Spatially Resolved Recombination Analysis of CuInxGa1-xSe2 Absorbers With Alkali Postdeposition Treatments

Abstract

In this contribution, we probe spatial variations in charge-carrier recombination in CuInxGa1-x Se2 (CIGS) absorbers grown on soda–lime glass (SLG) and alkali-free sapphire substrates with NaF and KF postdeposition treatments (PDTs). Temperature-and illumination-dependent device measurements are used to track interface recombination and recombination in the quasi-neutral region. The analysis of these data reveals that the benefit of alkali PDTs depends on the substrate: interface recombination is reduced in devices grown on sapphire substrates, whereas recombination in the quasi-neutral regions is reduced in devices grown on SLG substrates. Cathodoluminescence (CL) spectrum imaging is used to study the spatial distribution of recombination with respect to the grain structure. The grain-boundary CL contrast is similar in films with no PDT, NaF PDT, or KF PDT. A reduced grain-boundary contrast is observed with a NaF + KF PDT; however, suggesting a reduced recombination strength at the grain boundaries (GBs) for combined NaF + KF treatment. CL spectra indicate band tailing, consistent with the fluctuating potential model. Fluctuating potentials are believed to reduce open-circuit voltage, but their spatial distribution has not been studied. Here, CL spectrum imaging data are used to generate maps of the root-mean-square value of the potential energy fluctuations—γ. These maps reveal a bimodal γ distribution for all samples: γ is generally in the range ∼15–50 meV or ∼100–180 meV. The higher γ range is more significantly affected by the PDTs; after the PDTs, it is strongly correlated with GBs.
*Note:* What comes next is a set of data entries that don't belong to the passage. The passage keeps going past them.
(* Let $T$ be a tree on $n$ vertices whose characteristic polynomial is irreducible over $\mathbb{Q}$, and order the vertices according to the bipartition so that $A(T)=\begin{bmatrix} O & M\\ M^{\mathrm T} & O\end{bmatrix}$. Then $\Delta(T)=2^n\Delta^2(M^{\mathrm T}M)$.
   Context: For a monic polynomial $f$ of degree $k$ with roots $\alpha_1,\dots,\alpha_k$, the discriminant is $\Delta(f)=\prod_{1\le i<j\le k}(\alpha_i-\alpha_j)^2$. For a square matrix $B$, $\Delta(B)$ is the discriminant of $\det(xI-B)$; $\Delta(T)$ is the discriminant of the adjacency matrix $A(T)$. *)

From HB Require Import structures.
From mathcomp Require Import all_boot all_order all_algebra all_field.
Set Implicit Arguments. Unset Strict Implicit. Unset Printing Implicit Defensive.
Import Order.TTheory GRing.Theory Num.Theory.
Local Open Scope ring_scope.

Definition simple_graph n (T : rel 'I_n) : Prop :=
  symmetric T /\ irreflexive T.

Definition graph_connected n (T : rel 'I_n) : Prop :=
  forall x y : 'I_n, connect T x y.

Definition graph_acyclic n (T : rel 'I_n) : Prop :=
  forall c : seq 'I_n, uniq c -> (2 < size c)%N -> ~~ cycle T c.

Definition is_tree n (T : rel 'I_n) : Prop :=
  [/\ simple_graph T, graph_connected T & graph_acyclic T].

Definition adjmx (R : nzRingType) n (T : rel 'I_n) : 'M[R]_n :=
  \matrix_(i, j) (T i j)%:R.

Definition roots_of (p : {poly algC}) : seq algC :=
  sval (closed_field_poly_normal p).

Definition disc (p : {poly algC}) : algC :=
  let r := roots_of p in
  \prod_(i < size r) \prod_(j < size r | (i < j)%N) (r`_i - r`_j) ^+ 2.

Definition disc_mx k (B : 'M[algC]_k) : algC := disc (char_poly B).

Definition disc_graph n (T : rel 'I_n) : algC := disc_mx (adjmx algC T).

From HB Require Import structures.
From mathcomp Require Import all_boot all_order all_algebra all_field.
From mathcomp Require Import ring fingroup perm.
Set Implicit Arguments. Unset Strict Implicit. Unset Printing Implicit Defensive.
Import Order.TTheory GRing.Theory Num.Theory.
Local Open Scope ring_scope.

(* Then det(xI - A) = x^(p-q) g(x^2)
   with g = det(xI - M^T M), and irreducibility forces A to be nonsingular,
   so p = q and det M <> 0. Two perfect matchings of the bipartite forest T
   would combine into an alternating cycle, so the Leibniz expansion of
   det M has a single nonzero term: det M = +-1. Writing the discriminant
   as +- prod f'(a) over the roots a of f gives
   disc(g(x^2)) = (-4)^p g(0) disc(g)^2, and (-4)^p g(0) = 4^p (det M)^2. *)

Lemma prodrMl_const (R : comNzRingType) (I : Type) (r : seq I) (c : R) F :
  \prod_(i <- r) (c * F i) = c ^+ size r * \prod_(i <- r) F i.
Proof. by rewrite big_split /= big_const_seq count_predT iter_mulr_1. Qed.

Definition disc_seq (r : seq algC) : algC :=
  \prod_(i < size r) \prod_(j < size r | (i < j)%N) (r`_i - r`_j) ^+ 2.

Lemma disc_seq_cons a r :
  disc_seq (a :: r) = \prod_(x <- r) (a - x) ^+ 2 * disc_seq r.
Proof.
rewrite /disc_seq /= big_ord_recl; congr (_ * _).
  rewrite big_mkcond big_ord_recl /= mul1r [RHS](big_nth 0) big_mkord.
  by apply: eq_bigr => j _.
apply: eq_bigr => i _; rewrite big_mkcond big_ord_recl /= mul1r [RHS]big_mkcond.
by apply: eq_bigr => j _.
Qed.

Lemma prod_deriv_prod_XsubC r :
  \prod_(x <- r) (\prod_(y <- r) ('X - y%:P))^`().[x] =
  (-1) ^+ 'C(size r, 2) * disc_seq r.
Proof.
elim: r => [|a r IH]; first by rewrite !big_nil /disc_seq big_ord0 mulr1.
set P := \prod_(y <- r) ('X - y%:P).
have P_root x : x \in r -> P.[x] = 0 by move=> x_r; apply/rootP; rewrite root_prod_XsubC.
have -> : \prod_(y <- a :: r) ('X - y%:P) = ('X - a%:P) * P by rewrite big_cons.
rewrite big_cons derivM derivXsubC mul1r.
rewrite hornerD hornerM hornerXsubC subrr mul0r addr0.
rewrite big_seq (eq_bigr (fun x => (x - a) * P^`().[x])) -?big_seq; last first.
  by move=> x x_r; rewrite hornerD hornerM hornerXsubC P_root // add0r.
rewrite big_split /= IH disc_seq_cons binS bin1 exprD /P horner_prod.
under [\prod_(x <- r) (x - a)]eq_bigr => x _ do rewrite -opprB -mulN1r.
under [\prod_(x <- r) _.[a]]eq_bigr => x _ do rewrite hornerXsubC.
by rewrite prodrMl_const prodrXl; ring.
Qed.

Lemma disc_seq_perm r s : perm_eq r s -> disc_seq r = disc_seq s.
Proof.
move=> rs; apply: (inv_inj (signrMK 'C(size r, 2))) => /=.
rewrite -prod_deriv_prod_XsubC (perm_size rs) -prod_deriv_prod_XsubC.
have -> : \prod_(x <- r) ('X - x%:P) = \prod_(x <- s) ('X - x%:P) := perm_big s rs.
exact: perm_big.
Qed.

Lemma roots_ofE (f : {poly algC}) :
  f \is monic -> f = \prod_(x <- roots_of f) ('X - x%:P).
Proof.
rewrite /roots_of; case: closed_field_poly_normal => r /= f_eq /monicP f_monic.
by rewrite {1}f_eq f_monic scale1r.
Qed.

Lemma disc_prod_XsubC r : disc (\prod_(x <- r) ('X - x%:P)) = disc_seq r.
Proof.
apply: disc_seq_perm; apply: prod_XsubC_eq; rewrite -roots_ofE //.
exact: monic_prod_XsubC.
Qed.

Lemma prod_XsubC_comp_X2 (r : seq algC) :
  \prod_(x <- r) ('X - x%:P) \Po 'X^2 =
  \prod_(y <- map sqrtC r ++ map (fun x => - sqrtC x) r) ('X - y%:P).
Proof.
rewrite big_cat !big_map /= -big_split rmorph_prod; apply: eq_bigr => x _ /=.
rewrite comp_polyB comp_polyX comp_polyC -{1}(sqrtCK x) (rmorphXn polyC).
by rewrite subr_sqr polyCN opprK.
Qed.

Lemma horner_deriv_comp_X2 (R : comNzRingType) (f : {poly R}) x :
  (f \Po 'X^2)^`().[x] = f^`().[x ^+ 2] * (x *+ 2).
Proof.
by rewrite deriv_comp derivXn hornerM horner_comp hornerXn hornerMn hornerX.
Qed.

Lemma sign_bin2_double (R : nzRingType) m : (-1) ^+ 'C(m + m, 2) = (-1) ^+ m :> R.
Proof.
rewrite -signr_odd -[RHS]signr_odd bin2 addnn -doubleMl half_double oddM.
by case: m => // m; rewrite doubleS /= odd_double andbT.
Qed.

(* The roots of f(x^2) are the two square roots of each root of f; the
   derivative of f(x^2) at +-sqrt(x) is f'(x) * (+-2 sqrt(x)). *)
Lemma disc_seq_sqrt (r : seq algC) :
  disc_seq (map sqrtC r ++ map (fun x => - sqrtC x) r) =
  4 ^+ size r * \prod_(x <- r) x * disc_seq r ^+ 2.
Proof.
set s := map _ _ ++ _; set P := \prod_(x <- r) ('X - x%:P).
have := prod_deriv_prod_XsubC s.
rewrite size_cat !size_map sign_bin2_double => /esym /(canRL (signrMK _)) ->.
rewrite -prod_XsubC_comp_X2 -/P big_cat !big_map /= -big_split /=.
rewrite (eq_bigr (fun x => -4 * (P^`().[x] ^+ 2 * x))) => [|x _]; last first.
  rewrite !horner_deriv_comp_X2 sqrrN sqrtCK.
  by rewrite -[X in _ = _ * (_ * X)](sqrtCK x); ring.
rewrite prodrMl_const big_split /= prodrXl prod_deriv_prod_XsubC exprMn sqrr_sign.
by rewrite mul1r -[-4](mulN1r 4) exprMn -!mulrA signrMK; ring.
Qed.

Lemma disc_comp_X2 (f : {poly algC}) :
  f \is monic -> disc (f \Po 'X^2) = (-4) ^+ (size f).-1 * f`_0 * disc f ^+ 2.
Proof.
move=> /roots_ofE ->; set r := roots_of f.
rewrite prod_XsubC_comp_X2 !disc_prod_XsubC disc_seq_sqrt size_prod_XsubC /=.
rewrite coef0_prod_XsubC -[-4](mulN1r 4) exprMn [_ * 4 ^+ _]mulrC -!mulrA.
by rewrite signrMK.
Qed.

Section CharPoly.
Variable R : comNzRingType.

Lemma char_poly_perm n (s : 'S_n) (A : 'M[R]_n) :
  char_poly (\matrix_(i, j) A (s i) (s j)) = char_poly A.
Proof.
rewrite /char_poly; have -> : char_poly_mx (\matrix_(i, j) A (s i) (s j)) =
    perm_mx s *m char_poly_mx A *m perm_mx s^-1.
  rewrite -row_permE -col_permE; apply/matrixP => i j.
  by rewrite !mxE (inj_eq perm_inj).
by rewrite !det_mulmx !det_perm odd_permV mulrAC -expr2 sqrr_sign mul1r.
Qed.

Lemma char_poly_comp_X2 k (N : 'M[R]_k) :
  char_poly N \Po 'X^2 = \det ('X^2%:M - map_mx polyC N).
Proof.
rewrite /char_poly /char_poly_mx -det_map_mx map_mxB map_scalar_mx /= comp_polyX.
by congr (\det (_ - _)); apply/matrixP => i j; rewrite !mxE comp_polyC.
Qed.

Variables (p q : nat) (A : 'M[R]_(p, q)) (B : 'M[R]_(q, p)).

Lemma char_poly_mx_block0 :
  char_poly_mx (block_mx 0 A B 0) =
  block_mx 'X%:M (- map_mx polyC A) (- map_mx polyC B) 'X%:M.
Proof.
rewrite /char_poly_mx (scalar_mx_block p q) map_block_mx opp_block_mx.
by rewrite add_block_mx !map_mx0 !oppr0 !addr0 !add0r.
Qed.

(* Multiply det(xI - [0 A; B 0]) by the determinant x^(p+q) of a triangular
   block matrix so as to make the product block triangular. *)
Lemma char_poly_block0_l :
  char_poly (block_mx 0 A B 0) * 'X^(p + q) =
  'X^(p + p) * (char_poly (B *m A) \Po 'X^2).
Proof.
have -> : 'X^(p + q) = \det (block_mx 'X%:M (map_mx polyC A) 0 'X%:M).
  by rewrite det_ublock !det_scalar exprD.
rewrite /char_poly -det_mulmx char_poly_mx_block0 mulmx_block.
rewrite !mulmx0 !addr0 !mul_scalar_mx !mul_mx_scalar scalerN subrr det_lblock.
rewrite !scale_scalar_mx det_scalar -expr2 -exprM mul2n -addnn char_poly_comp_X2.
by rewrite mulNmx addrC map_mxM.
Qed.

Lemma char_poly_block0_r :
  char_poly (block_mx 0 A B 0) * 'X^(p + q) =
  (char_poly (A *m B) \Po 'X^2) * 'X^(q + q).
Proof.
have -> : 'X^(p + q) = \det (block_mx 'X%:M 0 (map_mx polyC B) 'X%:M).
  by rewrite det_lblock !det_scalar exprD.
rewrite /char_poly -det_mulmx char_poly_mx_block0 mulmx_block.
rewrite !mulmx0 !add0r !mul_scalar_mx !mul_mx_scalar !scalerN addNr det_ublock.
rewrite !scale_scalar_mx det_scalar -expr2 -exprM mul2n -addnn char_poly_comp_X2.
by rewrite mulNmx map_mxM.
Qed.

Lemma char_poly_block0_coef0 : p != q -> (char_poly (block_mx 0 A B 0))`_0 = 0.
Proof.
have X_reg k : GRing.rreg ('X^k : {poly R}) by apply/monic_rreg/monicXn.
case: ltngtP => // [p_lt_q | q_lt_p] _.
- have Xq : 'X^(q + q) = 'X^(q - p) * 'X^(p + q) :> {poly R}.
    by rewrite -exprD addnA subnK // ltnW.
  have := char_poly_block0_r; rewrite Xq mulrA => /X_reg ->.
  by rewrite coefMXn subn_gt0 p_lt_q.
- have Xp : 'X^(p + p) = 'X^(p - q) * 'X^(p + q) :> {poly R}.
    by rewrite -exprD addnCA subnK // ltnW.
  have := char_poly_block0_l; rewrite Xp mulrAC => /X_reg ->.
  by rewrite mulrC coefMXn subn_gt0 q_lt_p.
Qed.

End CharPoly.

Lemma char_poly_block0_sq (R : comNzRingType) p (A B : 'M[R]_p) :
  char_poly (block_mx 0 A B 0) = char_poly (B *m A) \Po 'X^2.
Proof.
apply: (@monic_rreg _ 'X^(p + p)); first exact: monicXn.
by rewrite char_poly_block0_l mulrC.
Qed.

Section Interleave.
Variables (S T : Type) (f g : S -> T).

Definition interleave (s : seq S) : seq T := flatten [seq [:: f x; g x] | x <- s].

Lemma size_interleave s : size (interleave s) = (size s).*2.
Proof. by elim: s => //= x s ->. Qed.

Lemma path_interleave (e : rel T) b s :
  path e (g b) (interleave s) =
  path (fun x y => e (g x) (f y) && e (f y) (g y)) b s.
Proof. by elim: s b => //= x s IH b; rewrite IH andbA. Qed.

Lemma cycle_interleave (e : rel T) s :
  path.cycle e (interleave s) =
  path.cycle (fun x y => e (g x) (f y) && e (f y) (g y)) s.
Proof.
case: s => // x s; rewrite (cycle_path (f x)) (cycle_path x) -path_interleave.
suff -> : last (f x) (interleave (x :: s)) = g (last x s) by [].
by elim: s x => //= y s IH x; rewrite IH.
Qed.

End Interleave.

Section InterleaveUniq.
Variables (S T : eqType) (f g : S -> T).
Hypotheses (f_inj : injective f) (g_inj : injective g).
Hypothesis fg_neq : forall x y, f x != g y.

Lemma mem_interleave y s :
  (y \in interleave f g s) = (y \in map f s) || (y \in map g s).
Proof.
elim: s => //= x s IH; rewrite !inE IH -!orbA; congr orb; exact: orbCA.
Qed.

Lemma uniq_interleave s : uniq s -> uniq (interleave f g s).
Proof.
have fg x s' : (f x \in map g s') = false.
  by apply/negbTE/mapP => -[y _ /eqP]; rewrite (negbTE (fg_neq x y)).
have gf x s' : (g x \in map f s') = false.
  by apply/negbTE/mapP => -[y _ /eqP]; rewrite eq_sym (negbTE (fg_neq y x)).
elim: s => //= x s IH /andP[x_s s_uniq].
rewrite !inE !mem_interleave (mem_map f_inj) (mem_map g_inj) fg gf.
by rewrite (negbTE (fg_neq x x)) (negbTE x_s); exact: IH.
Qed.

End InterleaveUniq.

Section ForestMatching.
Variables (V : finType) (e : rel V).
Hypothesis e_sym : symmetric e.
Hypothesis e_acyclic :
  forall c : seq V, uniq c -> (2 < size c)%N -> ~~ path.cycle e c.
Variables (m : nat) (u v : 'I_m -> V).
Hypotheses (u_inj : injective u) (v_inj : injective v).
Hypothesis uv_neq : forall i j, u i != v j.

Definition matching (s : 'S_m) : bool := [forall i, e (u i) (v (s i))].

Lemma matching_unique s t : matching s -> matching t -> s = t.
Proof.
move=> /forallP e_s /forallP e_t; apply/permP => i0; apply/eqP/negPn/negP => st.
pose rho := (s * t^-1)%g.
have t_rho x : t (rho x) = s x by rewrite permM permKV.
have rho_i0 : rho i0 != i0 by apply: contra st => /eqP rho_i0; rewrite -t_rho rho_i0.
pose o := orbit rho i0.
have o_gt1 : (1 < size o)%N.
  rewrite size_orbit ltn_neqAle fingraph.order_gt0 andbT.
  apply: contra rho_i0 => /eqP o1.
  by have := mem_orbit (in_orbit rho i0); rewrite /orbit -o1 inE.
have vs_inj : injective (v \o s) by move=> x y /v_inj/perm_inj.
apply: (negP (e_acyclic (uniq_interleave u_inj vs_inj
  (fun x y => uv_neq x (s y)) (orbit_uniq rho i0)) _)).
  by rewrite size_interleave -addnn (leq_add o_gt1 (ltnW o_gt1)).
rewrite cycle_interleave; apply: sub_cycle (cycle_orbit (@perm_inj _ rho) i0).
by move=> x _ /eqP <-; rewrite /= -t_rho e_sym e_t e_s.
Qed.

Lemma det_matching_sqr (R : comNzRingType) (M : 'M[R]_m) :
  (forall i j, M i j = (e (u i) (v j))%:R) -> \det M != 0 -> \det M ^+ 2 = 1.
Proof.
move=> M_e; have term (s : 'S_m) : \prod_i M i (s i) = (matching s)%:R.
  have [/forallP e_s | /forallPn[i not_e]] := boolP (matching s).
    by rewrite big1 // => i _; rewrite M_e e_s.
  by rewrite (bigD1 i) //= M_e (negbTE not_e) mul0r.
have [s0 match_s0 | no_match] := pickP matching; last first.
  rewrite /determinant big1 ?eqxx // => s _.
  by rewrite term no_match mulr0.
suff -> : \det M = (-1) ^+ s0 by rewrite sqrr_sign.
rewrite /determinant (bigD1 s0) //= term match_s0 mulr1 big1 ?addr0 // => s s_s0.
have [match_s | ] := boolP (matching s); last by rewrite term => /negbTE->; rewrite mulr0.
by move: s_s0; rewrite (matching_unique match_s match_s0) eqxx.
Qed.

End ForestMatching.

Lemma irreducible_poly_coef0 (F : fieldType) (f : {poly F}) :
  (2 < size f)%N -> irreducible_poly f -> f`_0 != 0.
Proof.
move=> f_gt2 [_ f_irr]; apply: contraTneq f_gt2 => f0.
have X_dvd : 'X - 0%:P %| f by rewrite -root_factor_theorem rootE horner_coef0 f0.
by rewrite -(eqp_size (f_irr _ _ X_dvd)) size_XsubC.
Qed.

Lemma map_adjmx (R S : nzRingType) (f : {rmorphism R -> S}) n (T : rel 'I_n) :
  map_mx f (adjmx R T) = adjmx S T.
Proof. by apply/matrixP => i j; rewrite !mxE rmorph_nat. Qed.

Theorem corollary4p3 (n : nat) (T : rel 'I_n)
  (Hn : (2 <= n)%N) (HT : is_tree T)
  (Hirr : irreducible_poly (char_poly (adjmx rat T)))
  (p q : nat) (sigma : 'I_(p + q) -> 'I_n) (Hsigma : bijective sigma)
  (M : 'M[algC]_(p, q))
  (HA : forall i j : 'I_(p + q),
      adjmx algC T (sigma i) (sigma j) = block_mx 0 M M^T 0 i j) :
  disc_graph T = 2 ^+ n * (disc_mx (M^T *m M)) ^+ 2.
Proof.
have n_pq : n = (p + q)%N by rewrite -[n]card_ord -(bij_eq_card Hsigma) card_ord.
subst n; case: HT => [[T_sym _] _ T_acyclic].
have sigma_inj := bij_inj Hsigma.
have chiT : char_poly (adjmx algC T) = char_poly (block_mx 0 M M^T 0).
  rewrite -(char_poly_perm (perm sigma_inj)); congr char_poly.
  by apply/matrixP => i j; rewrite mxE !permE HA.
have chi0 : (char_poly (block_mx 0 M M^T 0))`_0 != 0.
  rewrite -chiT -(map_adjmx ratr) -map_char_poly coef_map fmorph_eq0.
  by apply: irreducible_poly_coef0; rewrite ?size_char_poly.
have /eqP p_q : p == q by apply: contraNT chi0 => /char_poly_block0_coef0 ->.
subst q; have chiA := char_poly_block0_sq M M^T.
have g0 : (char_poly (M^T *m M))`_0 = (-1) ^+ p * \det M ^+ 2.
  by rewrite char_poly_det det_mulmx det_tr.
have detM2 : \det M ^+ 2 = 1.
  apply: (det_matching_sqr T_sym T_acyclic (u := fun i => sigma (lshift p i))
    (v := fun j => sigma (rshift p j))).
  - by move=> i j /sigma_inj/lshift_inj.
  - by move=> i j /sigma_inj/rshift_inj.
  - by move=> i j; rewrite /= (inj_eq sigma_inj) eq_lrshift.
  - by move=> i j; rewrite -[M i j](block_mxEur 0 M M^T 0) -HA mxE.
  apply: contra chi0 => /eqP detM0.
  rewrite chiA -horner_coef0 horner_comp hornerXn expr0n horner_coef0 g0.
  by rewrite detM0 expr0n mulr0.
rewrite /disc_graph /disc_mx chiT chiA disc_comp_X2 ?char_poly_monic //.
by rewrite size_char_poly g0 detM2 mulr1 -exprMn mulrN1 opprK exprD -exprMn -natrM.
Qed.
The lower γ range is correlated with higher emission intensity regions, typically grain interiors, and increases in area fraction after the PDTs. These results demonstrate how spatially resolved luminescence and device characterization measurements can be used to monitor changes in recombination in CIGS films and photovoltaic devices. Such measurements can complement empirical device optimization and help improve device performance.